Убеждение может относиться к фактам, и в этом случае то, во что верят, имеет истинностную ценность. Я полагаю, что Борис Джонсон живет на Даунинг-стрит, 10. Он либо делает, либо нет. Я прав или ошибаюсь. Общее утверждение также имеет истинностное значение, если мое собственное психическое состояние ясно. Может быть, я буквально не могу в это поверить (поскольку я хотел бы, чтобы это было неправдой), и поэтому я не верю (я думаю, что все это грандиозная шарада). Тогда я в конечном итоге слегка психоз.

Но большинство верований находятся в другой модальности: обязательство, желание или вкус, представимость, как контрфактическое предположение, как неизвестное состояние...

Модальные утверждения не имеют значения истинности, если модальность не основана на контексте. «Я не должен убивать» — это модальное утверждение. Если контекст «Совершенные кантианские аргументы» или «Повседневные эмпирические правила морали», это правда. Если мой супруг вот-вот будет застрелен вооруженным преступником, или если я солдат, выполняющий миссию по спасению многих жизней, это менее верно.

Мы используем модальности именно тогда, когда ожидаем, что люди вокруг нас будут иметь в виду тот же контекст. Если нет, мы можем дать более подробную информацию о контексте. Но на каком-то уровне, возможно, бессознательно, для данного модального утверждения мы имеем в виду контекст, который делает это утверждение значимым и истинным. В идеале мы можем сделать этот контекст достаточно ясным для нашего слушателя, чтобы мы эффективно общались.
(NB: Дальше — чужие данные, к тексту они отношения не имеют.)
Let bilin_phiH (W : lmodType k) (b : HM -> HM -> W) m n :
  bilin b -> bilin (fun x y => b (phi x m) (phi y n)).
Proof. by move=> bb; apply: bilin_comp. Qed.

Let bilin_phiM (W : lmodType k) (b : HM -> HM -> W) h g :
  bilin b -> bilin (fun m n => b (phi h m) (phi g n)).
Proof. by move=> bb; apply: bilin_comp. Qed.

Fixpoint DT (t : term M H) : tens2 HM HM :=
  match t with
  | TVar h m => [seq (phi p.1 q.1, phi p.2 q.2) | p <- Delta h, q <- DeltaM m]
  | TCst a => [:: (a *: 1, 1)]
  | TAdd t u => DT t ++ DT u
  | TScl a t => [seq (a *: p.1, p.2) | p <- DT t]
  | TMul t u => tprod (DT t) (DT u)
  end.

Section BilinearImages.
Variables (W : lmodType k) (b : HM -> HM -> W).
Hypothesis bb : bilin b.

Lemma DT_TVar_sum h m : \sum_(p <- DT (TVar h m)) b p.1 p.2 =
  \sum_(p <- Delta h) \sum_(q <- DeltaM m) b (phi p.1 q.1) (phi p.2 q.2).
Proof. exact: big_allpairs_dep. Qed.

Lemma DT_tsum l :
  \sum_(p <- DT (tsum l)) b p.1 p.2 = \sum_(t <- l) \sum_(p <- DT t) b p.1 p.2.
Proof.
elim: l => [|t l IH] /=; last by rewrite big_cat big_cons IH.
by rewrite big_nil big_seq1 scale0r bilin0l.
Qed.

End BilinearImages.

Lemma DT_RlinH a h h' m :
  teq2 (DT (TVar (a *: h + h') m)) (DT (TAdd (TScl a (TVar h m)) (TVar h' m))).
Proof.
move=> W b bb; rewrite big_cat big_map !DT_TVar_sum.
have bS := bilin_sum (DeltaM m) (fun q => bilin_phiH q.1 q.2 bb).
rewrite (coalg_sum_linmap hco bS) big_allpairs_dep scaler_sumr; congr (_ + _).
apply: eq_bigr => p _; rewrite scaler_sumr.
by apply: eq_bigr => q _; rewrite (bilinZl bb).
Qed.

Lemma DT_RlinM a h m m' :
  teq2 (DT (TVar h (a *: m + m'))) (DT (TAdd (TScl a (TVar h m)) (TVar h m'))).
Proof.
move=> W b bb; rewrite big_cat big_map !DT_TVar_sum.
rewrite exchange_big [X in _ = _ + X]exchange_big /=.
have bS := bilin_sum (Delta h) (fun p => bilin_phiM p.1 p.2 bb).
rewrite (coalg_sum_linmap hMco bS) big_allpairs_dep scaler_sumr; congr (_ + _).
rewrite [RHS]exchange_big; apply: eq_bigr => q _; rewrite scaler_sumr.
by apply: eq_bigr => p _; rewrite (bilinZl bb).
Qed.

Lemma DT_Rone h : teq2 (DT (TVar h 1)) (DT (TCst (eps h))).
Proof.
have [_ [_ DM1 _ _]] := hM.
move=> W b bb; rewrite DT_TVar_sum big_seq1 /=.
under eq_bigr => p _ do rewrite (DM1 _ _ (bilin_phiM p.1 p.2 bb)) big_seq1 /=.
under eq_bigr do rewrite !phi1 (bilinZl bb) (bilinZr bb) scalerA.
by rewrite -scaler_suml (counit_coprod hco) (bilinZl bb).
Qed.

Section MulRelation.
Variables (W : lmodType k) (b : HM -> HM -> W) (m n : M).
Hypothesis bb : bilin b.

Let G a1 a2 c1 c2 := \sum_(r <- DeltaM m) \sum_(s <- DeltaM n)
  b (phi a1 r.1 * phi a2 s.1) (phi c1 r.2 * phi c2 s.2).

Let G_quadlin : quadlin G.
Proof.
split=> * ; apply: linmap_sumf => r; apply: linmap_sumf => s a x y /=; rewrite phiH.
- by rewrite mulrDl -scalerAl (bilinDl bb) (bilinZl bb).
- by rewrite mulrDr -scalerAr (bilinDl bb) (bilinZl bb).
- by rewrite mulrDl -scalerAl (bilinDr bb) (bilinZr bb).
- by rewrite mulrDr -scalerAr (bilinDr bb) (bilinZr bb).
Qed.

Let coprod_phi_mul (p : H * H) :
  \sum_(q <- DeltaM (m * n)) b (phi p.1 q.1) (phi p.2 q.2) =
  \sum_(u <- Delta p.1) \sum_(v <- Delta p.2) G u.1 u.2 v.1 v.2.
Proof.
have [_ [DMM _ _ _]] := hM.
rewrite (DMM m n _ _ (bilin_phiM p.1 p.2 bb)) big_allpairs_dep /G.
rewrite exchange_big22; apply: eq_bigr => r _; apply: eq_bigr => s _ /=.
rewrite !phi_mul (bilin_suml bb); apply: eq_bigr => u _.
by rewrite (bilin_sumr bb).
Qed.

Let DT_phi_mul (w : H * H) :
  \sum_(p <- DT (TMul (TVar w.1 m) (TVar w.2 n))) b p.1 p.2 =
  \sum_(x <- Delta w.1) \sum_(y <- Delta w.2) G x.1 y.1 x.2 y.2.
Proof.
rewrite /= /tprod !big_allpairs_dep; apply: eq_bigr => x _ /=.
under eq_bigr do rewrite big_allpairs_dep /=.
by rewrite exchange_big.
Qed.

(* Both sides are [G] summed over the fourfold coproduct of [h], in orders
   that agree by [coalg_interchange]; this is where cocommutativity of [H]
   is needed. *)
Lemma DT_Rmul_sum h : \sum_(p <- DT (TVar h (m * n))) b p.1 p.2 =
  \sum_(p <- DT (tsum [seq TMul (TVar p.1 m) (TVar p.2 n) | p <- Delta h]))
    b p.1 p.2.
Proof.
rewrite DT_TVar_sum (DT_tsum bb) big_map.
rewrite (eq_bigr _ (fun p _ => coprod_phi_mul p)).
rewrite [RHS](eq_bigr _ (fun w _ => DT_phi_mul w)).
exact: (coalg_interchange hco hcc G_quadlin h).
Qed.

End MulRelation.

Lemma DT_rel t u : hm_rel Delta eps t u -> teq2 (DT t) (DT u).
Proof.
case=> [a h h' m|a h m m'|h m n|h]; [exact: DT_RlinH|exact: DT_RlinM| |].
- by move=> W b bb; apply: DT_Rmul_sum.
- exact: DT_Rone.
Qed.

Lemma DT_eqv t u : hm_eqv Delta eps t u -> teq2 (DT t) (DT u).
Proof.
elim=> {t u} /=.
- by [].
- by move=> t u _; apply: teq2_sym.
- by move=> t u v _ e1 _ e2; apply: teq2_trans e1 e2.
- by move=> t t' u u' _ e1 _ e2; apply: teq2_cat.
- by move=> a t t' _ e; apply: teq2_scale.
- by move=> t t' u u' _ e1 _ e2; apply: teq2_tprod.
- by move=> t u v W b bb; rewrite catA.
- by move=> t u W b bb; rewrite !big_cat /= addrC.
- by move=> t W b bb; rewrite big_cons scale0r /= (bilin0l bb) add0r.
- move=> t W b bb; rewrite big_cat /= big_map big_seq1 scale0r /= (bilin0l bb).
  by rewrite -big_split big1 // => p _; rewrite /= (bilinZl bb) scaleN1r addNr.
- move=> a c t W b bb; rewrite !big_map.
  by apply: eq_bigr => p _; rewrite /= scalerA.
- by move=> t W b bb; rewrite big_map; apply: eq_bigr => p _; rewrite scale1r.
- by move=> a t u; rewrite map_cat.
- move=> a c t W b bb; rewrite big_cat /= !big_map -big_split.
  by apply: eq_bigr => p _; rewrite /= scalerDl (bilinDl bb).
- move=> t u v W b bb; rewrite /tprod !big_allpairs_dep.
  apply: eq_bigr => p _; rewrite big_allpairs_dep.
  by apply: eq_bigr => q _; apply: eq_bigr => r _; rewrite /= !mulrA.
- move=> t u W b bb; rewrite /tprod !big_allpairs_dep exchange_big.
  apply: eq_bigr => p _; apply: eq_bigr => q _.
  by rewrite /= !(mulrC p.1) !(mulrC p.2).
- move=> t W b bb; rewrite /tprod big_allpairs_dep big_seq1.
  by apply: eq_bigr => p _; rewrite /= scale1r !mul1r.
- by move=> t u v; rewrite /tprod allpairs_cat.
- move=> a t u W b bb; rewrite /tprod big_map !big_allpairs_dep big_map.
  by apply: eq_bigr => p _; apply: eq_bigr => q _; rewrite /= scalerAl.
- by move=> a W b bb; rewrite !big_seq1 scale1r.
- exact: DT_rel.
Qed.

Definition DH (x : HM) : tens2 HM HM := DT (rep x).

Lemma DH_cls t : teq2 (DH (cls t)) (DT t).
Proof. exact/DT_eqv/eqv_rep_cls. Qed.

Lemma DH_linear : coprod_linear DH.
Proof.
move=> a; elim/quot_ind => t; elim/quot_ind => u.
rewrite clsZ clsD; apply: teq2_trans (DH_cls _) _ => /=.
by apply: teq2_cat; [apply: teq2_scale|]; apply/teq2_sym/DH_cls.
Qed.

Lemma DHZ a x : teq2 (DH (a *: x)) [seq (a *: p.1, p.2) | p <- DH x].
Proof.
elim/quot_ind: x => t; rewrite clsZ; apply: teq2_trans (DH_cls _) _.
exact/teq2_scale/teq2_sym/DH_cls.
Qed.

Lemma DHM x y : teq2 (DH (x * y)) (tprod (DH x) (DH y)).
Proof.
elim/quot_ind: x => t; elim/quot_ind: y => u; rewrite clsM.
by apply: teq2_trans (DH_cls _) _; apply: teq2_tprod; apply/teq2_sym/DH_cls.
Qed.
В случае веры мы используем модальность неспецифически. Существует единственное модальное утверждение, имеющее значение во всех релевантных контекстах, возможно, верное в одних из них и ложное в других. Этот диапазон контекстов, какие из них релевантны, какие вероятны и т. д., достаточно сложен, чтобы верующий не мог по-настоящему разобраться в нем. И он находится внутри их разума, поэтому слушатель никогда не сможет его исследовать.

Хотя утверждение кажется просто модальным, это не единичное развертывание данной модальности, это общая позиция с несколькими измерениями. Это своего рода трансмодальная карта, которую мы бессознательно интегрируем, чтобы установить степень. Он не имеет истинностного значения, потому что изолирован от необходимого заземления. Вместо этого в нем есть некоторая доля правды для человека, которая может меняться в зависимости от ситуации.
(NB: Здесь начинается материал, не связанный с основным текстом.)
(* Let $\mathcal{A}$ be a complex Banach algebra with identity, $\lambda$ a nonzero complex number, and $M = \begin{pmatrix} A & B \\ C & D \end{pmatrix} \in M_2(\mathcal{A})$ with $A, D \in \mathcal{A}^d$. If $$AB = \lambda A^\pi B D,\quad DC = \lambda D^\pi C A,\quad BC = 0,$$ then $M \in M_2(\mathcal{A})^d$ and $$M^d = \begin{pmatrix} A^d & 0 \\ 0 & D^d \end{pmatrix} + \sum_{n=0}^{\infty} M^n \begin{pmatrix} 0 & B(D^d)^{n+2} \\ C(A^d)^{n+2} & 0 \end{pmatrix}.$$
   Context: $M_2(\mathcal{A})$ is the Banach algebra of $2\times 2$ matrices over $\mathcal{A}$. An element $x$ of a Banach algebra has a generalized Drazin (g-Drazin) inverse $x^d$ if $x^d$ commutes with $x$, $x^d = x^dxx^d$ and $x - x^2x^d$ is quasinilpotent (i.e. $\lim\|y^n\|^{1/n}=0$ for $y=x-x^2x^d$); $\mathcal{A}^d$ (resp. $M_2(\mathcal{A})^d$) denotes the set of g-Drazin invertible elements. The spectral idempotent is $x^\pi = 1 - xx^d$. $M^0$ is the identity matrix. *)

From Stdlib Require Import Reals.
Open Scope R_scope.

Definition Cx : Type := (R * R)%type.
Definition C0 : Cx := (0, 0).
Definition C1 : Cx := (1, 0).
Definition Cadd (a b : Cx) : Cx := (fst a + fst b, snd a + snd b).
Definition Cmul (a b : Cx) : Cx :=
  (fst a * fst b - snd a * snd b, fst a * snd b + snd a * fst b).
Definition Cmod (a : Cx) : R := sqrt (fst a * fst a + snd a * snd a).

Record CBanachAlgebra := {
  car :> Type;
  zero : car;
  one : car;
  add : car -> car -> car;
  opp : car -> car;
  mul : car -> car -> car;
  scal : Cx -> car -> car;
  norm : car -> R;
  add_assoc : forall x y z, add x (add y z) = add (add x y) z;
  add_comm : forall x y, add x y = add y x;
  add_0l : forall x, add zero x = x;
  add_oppl : forall x, add (opp x) x = zero;
  mul_assoc : forall x y z, mul x (mul y z) = mul (mul x y) z;
  mul_1l : forall x, mul one x = x;
  mul_1r : forall x, mul x one = x;
  mul_addl : forall x y z, mul (add x y) z = add (mul x z) (mul y z);
  mul_addr : forall x y z, mul x (add y z) = add (mul x y) (mul x z);
  scal_addl : forall a b x, scal (Cadd a b) x = add (scal a x) (scal b x);
  scal_addr : forall a x y, scal a (add x y) = add (scal a x) (scal a y);
  scal_mul : forall a b x, scal (Cmul a b) x = scal a (scal b x);
  scal_1 : forall x, scal C1 x = x;
  scal_mull : forall a x y, mul (scal a x) y = scal a (mul x y);
  scal_mulr : forall a x y, mul x (scal a y) = scal a (mul x y);
  norm_eq0 : forall x, norm x = 0 -> x = zero;
  norm_triangle : forall x y, norm (add x y) <= norm x + norm y;
  norm_scal : forall a x, norm (scal a x) = Cmod a * norm x;
  norm_mul : forall x y, norm (mul x y) <= norm x * norm y;
  complete : forall u : nat -> car,
    (forall eps, eps > 0 -> exists N, forall m n, (m >= N)%nat -> (n >= N)%nat ->
        norm (add (u m) (opp (u n))) < eps) ->
    exists l, forall eps, eps > 0 -> exists N, forall n, (n >= N)%nat ->
        norm (add (u n) (opp l)) < eps
}.

Arguments zero {_}. Arguments one {_}. Arguments add {_}. Arguments opp {_}.
Arguments mul {_}. Arguments scal {_}. Arguments norm {_}.

Section Generic.
Variable T : Type.
Variables (gzero gone : T) (gadd : T -> T -> T) (gopp : T -> T)
          (gmul : T -> T -> T) (gnorm : T -> R).

Fixpoint gpow (x : T) (n : nat) : T :=
  match n with O => gone | S k => gmul x (gpow x k) end.

(* lim ||y^n||^{1/n} = 0, i.e. for all eps > 0, eventually ||y^n|| <= eps^n *)
Definition gquasinil (y : T) : Prop :=
  forall eps, eps > 0 -> exists N, forall n, (n >= N)%nat ->
    gnorm (gpow y n) <= eps ^ n.

Definition gis_gdrazin (x z : T) : Prop :=
  gmul z x = gmul x z /\ z = gmul (gmul z x) z /\
  gquasinil (gadd x (gopp (gmul (gmul x x) z))).

Fixpoint gpsum (f : nat -> T) (n : nat) : T :=
  match n with O => f O | S k => gadd (gpsum f k) (f (S k)) end.

Definition gseries_sum (f : nat -> T) (S : T) : Prop :=
  forall eps, eps > 0 -> exists N, forall n, (n >= N)%nat ->
    gnorm (gadd (gpsum f n) (gopp S)) < eps.
End Generic.
Arguments gpow {T}. Arguments gquasinil {T}. Arguments gis_gdrazin {T}.
Arguments gpsum {T}. Arguments gseries_sum {T}.

Section Alg.
Variable A : CBanachAlgebra.
Definition apow (x : A) (n : nat) : A := gpow one mul x n.
Definition is_gdrazin (x z : A) : Prop := gis_gdrazin one add opp mul norm x z.
Definition sub (x y : A) : A := add x (opp y).
Definition spidem (x xd : A) : A := sub one (mul x xd).

Record M2 := mk2 { m11 : A; m12 : A; m21 : A; m22 : A }.
Definition M2zero : M2 := mk2 zero zero zero zero.
Definition M2one : M2 := mk2 one zero zero one.
Definition M2add (M N : M2) : M2 :=
  mk2 (add (m11 M) (m11 N)) (add (m12 M) (m12 N))
      (add (m21 M) (m21 N)) (add (m22 M) (m22 N)).
Definition M2opp (M : M2) : M2 :=
  mk2 (opp (m11 M)) (opp (m12 M)) (opp (m21 M)) (opp (m22 M)).
Definition M2mul (M N : M2) : M2 :=
  mk2 (add (mul (m11 M) (m11 N)) (mul (m12 M) (m21 N)))
      (add (mul (m11 M) (m12 N)) (mul (m12 M) (m22 N)))
      (add (mul (m21 M) (m11 N)) (mul (m22 M) (m21 N)))
      (add (mul (m21 M) (m12 N)) (mul (m22 M) (m22 N))).
(* a Banach algebra norm on M_2(A) (all such norms are equivalent) *)
Definition M2norm (M : M2) : R :=
  norm (m11 M) + norm (m12 M) + norm (m21 M) + norm (m22 M).

Definition M2pow (M : M2) (n : nat) : M2 := gpow M2one M2mul M n.
Definition M2is_gdrazin (M Z : M2) : Prop :=
  gis_gdrazin M2one M2add M2opp M2mul M2norm M Z.
Definition M2series_sum (f : nat -> M2) (S : M2) : Prop :=
  gseries_sum M2add M2opp M2norm f S.
End Alg.

Arguments mk2 {_}.

From Pilot Require Import Defs.
From Stdlib Require Import Reals Lra Lia.
From Coquelicot Require Complex.
Open Scope R_scope.

(* From A B = lam A^pi B D one gets A^d B = 0, hence A^pi B = B and a B = lam B D for the
   quasinilpotent a = A - A^2 A^d.  Iterating, lam^k (B D^d) = a^k B (D^d)^(k+1), whose norm
   decays faster than any geometric sequence, so B D^d = 0; symmetrically C A^d = 0.  Thus every
   term of the series vanishes and M^d = diag(A^d, D^d).  The residue M - M^2 M^d is
   [[a, B], [C, d]] with a, d quasinilpotent, a B = lam B d, d C = lam C a and B C = 0; its powers
   are explicit, with coefficients bounded by (1 + |lam|)^(2n), so it is quasinilpotent. *)

Definition subgeometric (u : nat -> R) : Prop :=
  forall e, e > 0 -> exists K N, 0 <= K /\ forall n, (n >= N)%nat -> u n <= K * e ^ n.

Lemma subgeometric_plus u v :
  subgeometric u -> subgeometric v -> subgeometric (fun n => u n + v n).
Proof.
  intros Hu Hv e He.
  destruct (Hu e He) as [K1 [N1 [HK1 H1]]], (Hv e He) as [K2 [N2 [HK2 H2]]].
  exists (K1 + K2), (N1 + N2)%nat; split; [lra|]. intros n Hn.
  specialize (H1 n ltac:(lia)); specialize (H2 n ltac:(lia)); lra.
Qed.

Lemma subgeometric_le u w :
  subgeometric u -> (exists N, forall n, (n >= N)%nat -> w n <= u n) -> subgeometric w.
Proof.
  intros Hu [M Hw] e He. destruct (Hu e He) as [K [N [HK H]]].
  exists K, (N + M)%nat; split; [lra|]. intros n Hn.
  specialize (H n ltac:(lia)); specialize (Hw n ltac:(lia)); lra.
Qed.

Lemma subgeometric_shift u k : subgeometric u -> subgeometric (fun n => u (n - k)%nat).
Proof.
  intros Hu e He. destruct (Hu e He) as [K [N [HK H]]].
  assert (Hek : 0 < e ^ k) by (apply pow_lt; lra).
  exists (K / e ^ k), (N + k)%nat; split.
  { apply Rmult_le_pos; [lra | left; apply Rinv_0_lt_compat; lra]. }
  intros n Hn. specialize (H (n - k)%nat ltac:(lia)).
  replace (K / e ^ k * e ^ n) with (K * e ^ (n - k)); [exact H|].
  replace n with (n - k + k)%nat at 2 by lia. rewrite pow_add. field; lra.
Qed.

Lemma subgeometric_scal c u : 0 <= c -> subgeometric u -> subgeometric (fun n => c * u n).
Proof.
  intros Hc Hu e He. destruct (Hu e He) as [K [N [HK H]]].
  exists (c * K), N; split; [nra|]. intros n Hn. specialize (H n Hn).
  rewrite Rmult_assoc. apply Rmult_le_compat_l; assumption.
Qed.

(* Shrinking [e] by the factor [L + 1] absorbs the geometric weight [L ^ n]. *)
Lemma subgeometric_geom L u : 0 <= L -> subgeometric u -> subgeometric (fun n => L ^ n * u n).
Proof.
  intros HL Hu e He.
  destruct (Hu (e / (L + 1)) ltac:(apply Rdiv_lt_0_compat; lra)) as [K [N [HK H]]].
  exists K, N; split; [exact HK|]. intros n Hn. specialize (H n Hn).
  assert (HLn : 0 <= L ^ n) by (apply pow_le; lra).
  assert (HL1 : L ^ n <= (L + 1) ^ n) by (apply pow_incr; lra).
  assert (Hq : 0 <= (e / (L + 1)) ^ n) by (apply pow_le; apply Rlt_le, Rdiv_lt_0_compat; lra).
  assert (E : e ^ n = (L + 1) ^ n * (e / (L + 1)) ^ n).
  { rewrite <- Rpow_mult_distr. f_equal. field. lra. }
  rewrite E.
  apply Rle_trans with (L ^ n * (K * (e / (L + 1)) ^ n)); [apply Rmult_le_compat_l; assumption|].
  assert (0 <= K * (e / (L + 1)) ^ n) by nra. nra.
Qed.

Lemma pow_half_eventually_lt y : 0 < y -> exists N, forall n, (n >= N)%nat -> (1/2) ^ n < y.
Proof.
  intro Hy. destruct (pow_lt_1_zero (1/2) ltac:(rewrite Rabs_right; lra) y Hy) as [N HN].
  exists N. intros n Hn. specialize (HN n Hn).
  rewrite Rabs_right in HN; [exact HN|]. apply Rle_ge, pow_le; lra.
Qed.

(* The constant [K] is absorbed by running the definition at [e / 2]. *)
Lemma subgeometric_pow_le u :
  subgeometric u -> forall e, e > 0 -> exists N, forall n, (n >= N)%nat -> u n <= e ^ n.
Proof.
  intros Hu e He. destruct (Hu (e / 2) ltac:(lra)) as [K [N [HK H]]].
  destruct (pow_half_eventually_lt (/ (K + 1)) ltac:(apply Rinv_0_lt_compat; lra)) as [M HM].
  exists (N + M)%nat. intros n Hn. specialize (H n ltac:(lia)); specialize (HM n ltac:(lia)).
  assert (E : (e / 2) ^ n = e ^ n * (1 / 2) ^ n) by (rewrite <- Rpow_mult_distr; f_equal; field).
  rewrite E in H.
  assert (Hen : 0 < e ^ n) by (apply pow_lt; lra).
  assert (Hh : 0 <= (1 / 2) ^ n) by (apply pow_le; lra).
  assert (K * (1 / 2) ^ n <= 1).
  { apply Rle_trans with (K * / (K + 1)); [apply Rmult_le_compat_l; lra|].
    apply Rmult_le_reg_r with (K + 1); [lra|]. field_simplify; lra. }
  nra.
Qed.

Lemma subgeometric_const_le0 v : subgeometric (fun _ => v) -> v <= 0.
Proof.
  intro Hv. destruct (Rle_lt_dec v 0) as [|Hpos]; [assumption|].
  destruct (subgeometric_pow_le _ Hv (1 / 2) ltac:(lra)) as [N HN].
  destruct (pow_half_eventually_lt v Hpos) as [M HM].
  specialize (HN (N + M)%nat ltac:(lia)); specialize (HM (N + M)%nat ltac:(lia)); lra.
Qed.

Lemma gquasinil_subgeometric {T : Type} (gone : T) (gmul : T -> T -> T) (gnorm : T -> R) y :
  gquasinil gone gmul gnorm y <-> subgeometric (fun n => gnorm (gpow gone gmul y n)).
Proof.
  split.
  - intros H e He. destruct (H e He) as [N HN].
    exists 1, N; split; [lra|]. intros n Hn. rewrite Rmult_1_l. exact (HN n Hn).
  - intros H e He. exact (subgeometric_pow_le _ H e He).
Qed.

Lemma Cmod_coquelicot c : Cmod c = Complex.Cmod c.
Proof. unfold Cmod, Complex.Cmod. f_equal. ring. Qed.

Lemma Cmod_ge0 c : 0 <= Cmod c.
Proof. apply sqrt_pos. Qed.

Lemma Cmod_C0 : Cmod Defs.C0 = 0.
Proof. rewrite Cmod_coquelicot. exact Complex.Cmod_0. Qed.

Lemma Cmod_C1 : Cmod Defs.C1 = 1.
Proof. rewrite Cmod_coquelicot. exact Complex.Cmod_1. Qed.

Lemma Cmod_Cmul a b : Cmod (Cmul a b) = Cmod a * Cmod b.
Proof. rewrite !Cmod_coquelicot. exact (Complex.Cmod_mult a b). Qed.

Lemma Cmod_Cadd_le a b : Cmod (Cadd a b) <= Cmod a + Cmod b.
Proof. rewrite !Cmod_coquelicot. exact (Complex.Cmod_triangle a b). Qed.

Lemma Cmod_gt0 c : c <> Defs.C0 -> 0 < Cmod c.
Proof. rewrite Cmod_coquelicot. apply Complex.Cmod_gt_0. Qed.

Definition Cpow (c : Cx) (n : nat) : Cx := gpow Defs.C1 Cmul c n.

Lemma Cmod_Cpow c n : Cmod (Cpow c n) = Cmod c ^ n.
Proof. induction n; simpl; [apply Cmod_C1 | rewrite Cmod_Cmul; f_equal; exact IHn]. Qed.

Lemma Cmul_comm a b : Cmul a b = Cmul b a.
Proof. unfold Cmul; f_equal; ring. Qed.

Set Implicit Arguments.
Unset Strict Implicit.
Мы часто формулируем убеждение с помощью простого модального утверждения, опуская тот факт, что мы верим. Вы можете отличить простые модальные суждения от убеждений, потому что эта лежащая в их основе многомерная сложность обычно сразу становится очевидной.

Убеждение может быть истинным или ложным в том смысле, что опыт может подтвердить или опровергнуть его. Например, вы считали, что ваша жена верна вам, но после наблюдения вы обнаружили, что это не так. Вера была обесценена непосредственным опытом.

Вера имеет истинную ценность, но в другом смысле: у нее есть какие-то основания или предпосылки, которые существуют. Истинная ценность веры в то, что жена верна, — это эмоции, желание и потребность в том, чтобы таковое было правдой, чтобы мир был стабильным в психологическом смысле. Предпосылки действительно существуют и как бы вызывают убеждение, а значит, и ценность истины. Само убеждение оказывается ложным, но как часть более широкой картины оно просто существует и, таким образом, в некотором смысле «истинно».